* **Work item**:
Nothing is needed except the lines below that run from the one with "rewrite !mul_diag_mx !mul_mx_diag !mxE." through the one with "Lemma diag_conjZ n", repeated exactly.
++++ Material shown ++++
(* For every non-singular $\rho\in\mathcal{D}$ at which $f$ is differentiable and every $\alpha>0$, $$\langle\nabla f(\rho),\rho(\alpha)-\rho\rangle\le-\frac{D(\rho(\alpha),\rho)}{\alpha}.$$
   Context: $\mathcal{D}=\{\rho\in\mathbb{C}^{d\times d}:\rho\succeq0,\ \operatorname{tr}\rho=1\}$; $f$ is a convex function on $d\times d$ Hermitian matrices; $\langle A,B\rangle=\operatorname{tr}(A^{\mathrm H}B)$ and $\nabla f(\rho)$ is the Hermitian gradient w.r.t. it. $\rho(\alpha):=\exp[\log\rho-\alpha\nabla f(\rho)]/\operatorname{tr}\exp[\log\rho-\alpha\nabla f(\rho)]$. $D(\sigma,\rho)=\operatorname{tr}(\sigma\log\sigma)-\operatorname{tr}(\sigma\log\rho)-\operatorname{tr}(\sigma-\rho)$ (quantum relative entropy, with $0\log0=0$). *)

From HB Require Import structures.
From mathcomp Require Import all_boot all_order all_algebra.
From mathcomp Require Import sesquilinear spectral.
From mathcomp Require Import complex.
From mathcomp Require Import reals.
From mathcomp.analysis Require Import sequences exp.

Set Implicit Arguments.
Unset Strict Implicit.
Unset Printing Implicit Defensive.

Import Order.TTheory GRing.Theory Num.Theory Num.Def.
Local Open Scope ring_scope.
Local Open Scope complex_scope.

Section QDefs.
Variable R : realType.
Local Notation C := (R[i]).

Definition hadj {d} (A : 'M[C]_d) : 'M[C]_d := map_mx conjC (trmx A).

Definition hip {d} (A B : 'M[C]_d) : C := \tr (hadj A *m B).

Definition hermitian {d} (A : 'M[C]_d) : Prop := A \is hermsymmx.

Definition psd {d} (A : 'M[C]_d) : Prop :=
  hermitian A /\ forall v : 'rV[C]_d, 0 <= (v *m A *m map_mx conjC (trmx v)) 0 0.

Definition density {d} (rho : 'M[C]_d) : Prop := psd rho /\ \tr rho = 1.

Definition nonsingular {d} (rho : 'M[C]_d) : Prop := rho \in unitmx.

Definition fcalc (g : R -> R) {d} (A : 'M[C]_d) : 'M[C]_d :=
  let U := spectralmx A in
  hadj U *m diag_mx (map_mx (fun z : C => (g (complex.Re z))%:C) (spectral_diag A)) *m U.

Definition mexp {d} (A : 'M[C]_d) : 'M[C]_d := fcalc (@expR R) A.
Definition mlog {d} (A : 'M[C]_d) : 'M[C]_d := fcalc (@ln R) A.

Definition xlogx (x : R) : R := if x == 0 then 0 else x * ln x.

Definition relent {d} (sigma rho : 'M[C]_d) : C :=
  \tr (fcalc xlogx sigma) - \tr (sigma *m mlog rho) - \tr (sigma - rho).

Definition rho_step {d} (G rho : 'M[C]_d) (alpha : R) : 'M[C]_d :=
  let M := mexp (mlog rho - alpha%:C *: G) in (\tr M)^-1 *: M.

Definition fnorm {d} (H : 'M[C]_d) : R := Num.sqrt (complex.Re (hip H H)).

Definition convex_herm {d} (f : 'M[C]_d -> R) : Prop :=
  forall A B : 'M[C]_d, hermitian A -> hermitian B -> forall t : R, 0 <= t <= 1 ->
    f ((1 - t)%:C *: A + t%:C *: B) <= (1 - t) * f A + t * f B.

Definition herm_gradient {d} (f : 'M[C]_d -> R) (rho G : 'M[C]_d) : Prop :=
  hermitian G /\
  forall eps : R, 0 < eps -> exists2 delta : R, 0 < delta &
    forall H : 'M[C]_d, hermitian H -> fnorm H < delta ->
      `| f (rho + H) - f rho - complex.Re (hip G H) | <= eps * fnorm H.

End QDefs.

(* With H := log rho - alpha G one has rho(alpha) = exp H / Z, Z = tr exp H, and
   alpha <G, rho(alpha) - rho> = tr ((log rho - H) (rho(alpha) - rho)).  Since
   tr (rho(alpha) log rho(alpha)) = tr (H rho(alpha)) - ln Z, adding D(rho(alpha), rho)
   leaves tr (H rho) - tr (rho log rho) - ln Z, which is nonpositive by Gibbs'
   variational principle.  In the eigenbases (u_i) of H and (w_j) of rho that
   principle is 1 + t <= exp t averaged against the doubly stochastic matrix
   |<u_i, w_j>|^2. *)

From HB Require Import structures.
From mathcomp Require Import all_boot all_order all_algebra.
From mathcomp Require Import sesquilinear spectral.
From mathcomp Require Import complex.
From mathcomp Require Import reals.
From mathcomp.analysis Require Import sequences exp.
From mathcomp Require Import ring lra.
Import Order.TTheory GRing.Theory Num.Theory Num.Def.
Local Open Scope ring_scope.
Local Open Scope complex_scope.

Set Implicit Arguments.
Unset Strict Implicit.
Unset Printing Implicit Defensive.

Lemma sum1_ord_gt0 (V : nzSemiRingType) n (r : 'I_n -> V) :
  \sum_i r i = 1 -> (0 < n)%N.
Proof. by case: n r => // r; rewrite big_ord0 => /eqP; rewrite eq_sym oner_eq0. Qed.

Lemma sum_expR_gt0 (R : realType) n (h : 'I_n -> R) :
  (0 < n)%N -> 0 < \sum_i expR (h i).
Proof.
move=> n_gt0; rewrite (bigD1 (Ordinal n_gt0)) //= ltr_pwDl ?expR_gt0 //.
by rewrite sumr_ge0 // => i _; exact/ltW/expR_gt0.
Qed.

Section DoublyStochastic.
Variables (R : realType) (n : nat) (q : 'I_n -> 'I_n -> R).
Hypothesis q_row : forall i, \sum_j q i j = 1.
Hypothesis q_col : forall j, \sum_i q i j = 1.

Lemma sum_rowE (a : 'I_n -> R) : \sum_i \sum_j a i * q i j = \sum_i a i.
Proof. by apply: eq_bigr => i _; rewrite -mulr_sumr q_row mulr1. Qed.

Lemma sum_colE (b : 'I_n -> R) : \sum_i \sum_j b j * q i j = \sum_j b j.
Proof.
by rewrite exchange_big; apply: eq_bigr => j _; rewrite -mulr_sumr q_col mulr1.
Qed.

Hypothesis q_ge0 : forall i j, 0 <= q i j.

Lemma gibbs_doubly_stochastic (r h : 'I_n -> R) :
  (forall j, 0 < r j) -> \sum_j r j = 1 ->
  \sum_i \sum_j h i * r j * q i j <=
    ln (\sum_i expR (h i)) + \sum_j r j * ln (r j).
Proof.
move=> r_gt0 r1; set z := \sum_i expR (h i).
have z_gt0 : 0 < z := sum_expR_gt0 h (sum1_ord_gt0 r1).
(* [1 + t <= exp t] at [t = h i - ln (r j) - ln z] *)
have pointwise i j : r j * q i j * (1 + (h i - ln (r j) - ln z))
    <= expR (h i) / z * q i j.
  have -> : expR (h i) / z * q i j = r j * q i j * expR (h i - ln (r j) - ln z).
    rewrite !expRD !expRN !lnK ?posrE //; field.
    by rewrite !gt_eqF.
  by rewrite ler_wpM2l ?mulr_ge0 ?(ltW (r_gt0 j)) ?expR_ge1Dx.
have : \sum_i \sum_j r j * q i j * (1 + (h i - ln (r j) - ln z))
    <= \sum_i \sum_j expR (h i) / z * q i j.
  by apply: ler_sum => i _; apply: ler_sum => j _; exact: pointwise.
rewrite sum_rowE -mulr_suml divff ?gt_eqF //.
rewrite (eq_bigr (fun i => \sum_j h i * r j * q i j
    + \sum_j r j * (1 - ln (r j) - ln z) * q i j)); last first.
  by move=> i _; rewrite -big_split; apply: eq_bigr => j _ /=; ring.
rewrite big_split /= sum_colE.
have -> : \sum_j r j * (1 - ln (r j) - ln z) = 1 - \sum_j r j * ln (r j) - ln z.
  under eq_bigr do rewrite mulrBr mulrBr mulr1.
  by rewrite !sumrB -mulr_suml r1 mul1r.
lra.
Qed.

End DoublyStochastic.

Section UnitaryDiagonalization.
Variable R : realType.
Local Notation C := R[i].

Lemma hadjM n (A B : 'M[C]_n) : hadj (A *m B) = hadj B *m hadj A.
Proof. by rewrite /hadj trmx_mul map_mxM. Qed.

Lemma hadjK n (A : 'M[C]_n) : hadj (hadj A) = A.
Proof. exact: trmxCK. Qed.

Lemma hadj_unitary n (U : 'M[C]_n) : (hadj U \is unitarymx) = (U \is unitarymx).
Proof. exact: trmxC_unitary. Qed.

Lemma mulmx_hadj_unitary n (U : 'M[C]_n) : U \is unitarymx -> U *m hadj U = 1%:M.
Proof. by move/unitarymxP. Qed.

Lemma mul_hadjmx_unitary n (U : 'M[C]_n) : U \is unitarymx -> hadj U *m U = 1%:M.
Proof. by rewrite -hadj_unitary => /mulmx_hadj_unitary; rewrite hadjK. Qed.

Lemma hermitianP n (A : 'M[C]_n) : reflect (hadj A = A) (A \is hermsymmx).
Proof.
by apply: (iffP (is_hermitianmxP _ _ _)); rewrite expr0 scale1r => /esym.
Qed.

Lemma hermitianB_realZ n (A B : 'M[C]_n) (c : R) :
  A \is hermsymmx -> B \is hermsymmx -> A - c%:C *: B \is hermsymmx.
Proof.
move=> /hermitianP hA /hermitianP hB; apply/hermitianP.
rewrite -{2}hA -{2}hB; apply/matrixP => i j.
rewrite !mxE rmorphB rmorphM; congr (_ - _ * _); exact: conjc_real.
Qed.

Definition diag_real n (x : 'I_n -> R) : 'M[C]_n := diag_mx (\row_i (x i)%:C).

Definition diag_conj n (U : 'M[C]_n) (x : 'I_n -> R) : 'M[C]_n :=
  hadj U *m diag_real x *m U.

Definition eigvals n (A : 'M[C]_n) (i : 'I_n) : R := complex.Re (spectral_diag A 0 i).

Lemma fcalc_eigvals (g : R -> R) n (A : 'M[C]_n) :
  fcalc g A = diag_conj (spectralmx A) (fun i => g (eigvals A i)).
Proof. by congr (_ *m diag_mx _ *m _); apply/rowP => i; rewrite !mxE. Qed.

Lemma hermitian_diag_conj n (A : 'M[C]_n) : A \is hermsymmx ->
  A = diag_conj (spectralmx A) (eigvals A).
Proof.
move=> hA; have /orthomx_spectralP {1}-> := hermitian_normalmx hA.
rewrite [invmx _](invmx_unitary (spectral_unitarymx A)).
congr (_ *m diag_mx _ *m _); apply/rowP => i; rewrite mxE RRe_real //.
by move/mxOverP: (hermitian_spectral_diag_real hA) => /(_ 0 i).
Qed.

Lemma hadj_diag_conj n (U : 'M[C]_n) x : hadj (diag_conj U x) = diag_conj U x.
Proof.
rewrite /diag_conj !hadjM hadjK mulmxA; congr (_ *m _ *m _).
apply/matrixP => i j; rewrite !mxE.
have [->|_] := eqVneq i j; last by rewrite /= !mulr0n rmorph0.
by rewrite mulr1n; exact: conjc_real.
Qed.

Lemma diag_conj_hermitian n (U : 'M[C]_n) x : diag_conj U x \is hermsymmx.
Proof. exact/hermitianP/hadj_diag_conj. Qed.

Lemma fcalc_hermitian (g : R -> R) n (A : 'M[C]_n) : fcalc g A \is hermsymmx.
Proof. by rewrite fcalc_eigvals diag_conj_hermitian. Qed.

(* Whenever [T i j != 0], the intertwining forces [x i = y j]. *)
Lemma diag_real_intertwine_map (g : R -> R) n (T : 'M[C]_n) x y :
  diag_real x *m T = T *m diag_real y ->
  diag_real (fun i => g (x i)) *m T = T *m diag_real (fun i => g (y i)).
Proof.
move/matrixP=> xTy; apply/matrixP => i j; move: (xTy i j).
rewrite !mul_diag_mx !mul_mx_diag !mxE.
have [->|T_neq0] := eqVneq (T i j) 0; first by rewrite !mulr0 !mul0r.
by rewrite [T i j * _]mulrC => /(mulIf T_neq0)/complexI ->; rewrite mulrC.
Qed.

Lemma diag_conj_map (g : R -> R) n (P Q : 'M[C]_n) x y :
  P \is unitarymx -> Q \is unitarymx -> diag_conj P x = diag_conj Q y ->
  diag_conj P (fun i => g (x i)) = diag_conj Q (fun i => g (y i)).
Proof.
move=> uP uQ PxQy; set T := P *m hadj Q.
have xTy : diag_real x *m T = T *m diag_real y.
  have := congr1 (fun X => P *m X *m hadj Q) PxQy.
  rewrite /diag_conj /T !mulmxA (mulmx_hadj_unitary uP) mul1mx.
  by rewrite -!mulmxA (mulmx_hadj_unitary uQ) mulmx1 => ->; rewrite !mulmxA.
have -> : diag_conj P (fun i => g (x i)) =
    hadj P *m (diag_real (fun i => g (x i)) *m T) *m Q.
  by rewrite /diag_conj /T -!mulmxA (mul_hadjmx_unitary uQ) mulmx1.
rewrite (diag_real_intertwine_map g xTy) /diag_conj /T !mulmxA.
by rewrite (mul_hadjmx_unitary uP) mul1mx.
Qed.

Lemma fcalc_diag_conj (g : R -> R) n (U : 'M[C]_n) x : U \is unitarymx ->
  fcalc g (diag_conj U x) = diag_conj U (fun i => g (x i)).
Proof.
move=> uU; rewrite fcalc_eigvals.
apply: (diag_conj_map g (spectral_unitarymx _) uU).
by rewrite -hermitian_diag_conj ?diag_conj_hermitian.
Qed.

Lemma diag_realM n (x y : 'I_n -> R) :
  diag_real x *m diag_real y = diag_real (fun i => x i * y i).
Proof.
apply/matrixP => i j; rewrite mul_diag_mx !mxE.
by have [->|_] := eqVneq i j; rewrite ?mulr1n ?mulr0n ?mulr0 // rmorphM.
Qed.

Lemma diag_conjM n (U : 'M[C]_n) x y : U \is unitarymx ->
  diag_conj U x *m diag_conj U y = diag_conj U (fun i => x i * y i).
Proof.
move=> uU; rewrite /diag_conj !mulmxA (mulmxtVK _ uU) -diag_realM.
by rewrite -[hadj U *m _ *m _]mulmxA.
Qed.

Lemma diag_conjZ n (U : 'M[C]_n) x (c : R) :
  c%:C *: diag_conj U x = diag_conj U (fun i => c * x i).
Proof.
rewrite /diag_conj scalemxAl scalemxAr; congr (_ *m _ *m _).
by apply/matrixP => i j; rewrite !mxE mulrnAr rmorphM.
Qed.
++++
* **Answer area**:
rewrite !mul_diag_mx !mul_mx_diag !mxE.
have [->|T_neq0] := eqVneq (T i j) 0; first by rewrite !mulr0 !mul0r.
by rewrite [T i j * _]mulrC => /(mulIf T_neq0)/complexI ->; rewrite mulrC.
Qed.

Lemma diag_conj_map (g : R -> R) n (P Q : 'M[C]_n) x y :
  P \is unitarymx -> Q \is unitarymx -> diag_conj P x = diag_conj Q y ->
  diag_conj P (fun i => g (x i)) = diag_conj Q (fun i => g (y i)).
Proof.
move=> uP uQ PxQy; set T := P *m hadj Q.
have xTy : diag_real x *m T = T *m diag_real y.
  have := congr1 (fun X => P *m X *m hadj Q) PxQy.
  rewrite /diag_conj /T !mulmxA (mulmx_hadj_unitary uP) mul1mx.
  by rewrite -!mulmxA (mulmx_hadj_unitary uQ) mulmx1 => ->; rewrite !mulmxA.
have -> : diag_conj P (fun i => g (x i)) =
    hadj P *m (diag_real (fun i => g (x i)) *m T) *m Q.
  by rewrite /diag_conj /T -!mulmxA (mul_hadjmx_unitary uQ) mulmx1.
rewrite (diag_real_intertwine_map g xTy) /diag_conj /T !mulmxA.
by rewrite (mul_hadjmx_unitary uP) mul1mx.
Qed.

Lemma fcalc_diag_conj (g : R -> R) n (U : 'M[C]_n) x : U \is unitarymx ->
  fcalc g (diag_conj U x) = diag_conj U (fun i => g (x i)).
Proof.
move=> uU; rewrite fcalc_eigvals.
apply: (diag_conj_map g (spectral_unitarymx _) uU).
by rewrite -hermitian_diag_conj ?diag_conj_hermitian.
Qed.

Lemma diag_realM n (x y : 'I_n -> R) :
  diag_real x *m diag_real y = diag_real (fun i => x i * y i).
Proof.
apply/matrixP => i j; rewrite mul_diag_mx !mxE.
by have [->|_] := eqVneq i j; rewrite ?mulr1n ?mulr0n ?mulr0 // rmorphM.
Qed.

Lemma diag_conjM n (U : 'M[C]_n) x y : U \is unitarymx ->
  diag_conj U x *m diag_conj U y = diag_conj U (fun i => x i * y i).
Proof.
move=> uU; rewrite /diag_conj !mulmxA (mulmxtVK _ uU) -diag_realM.
by rewrite -[hadj U *m _ *m _]mulmxA.
Qed.

Lemma diag_conjZ n (U : 'M[C]_n) x (c : R) :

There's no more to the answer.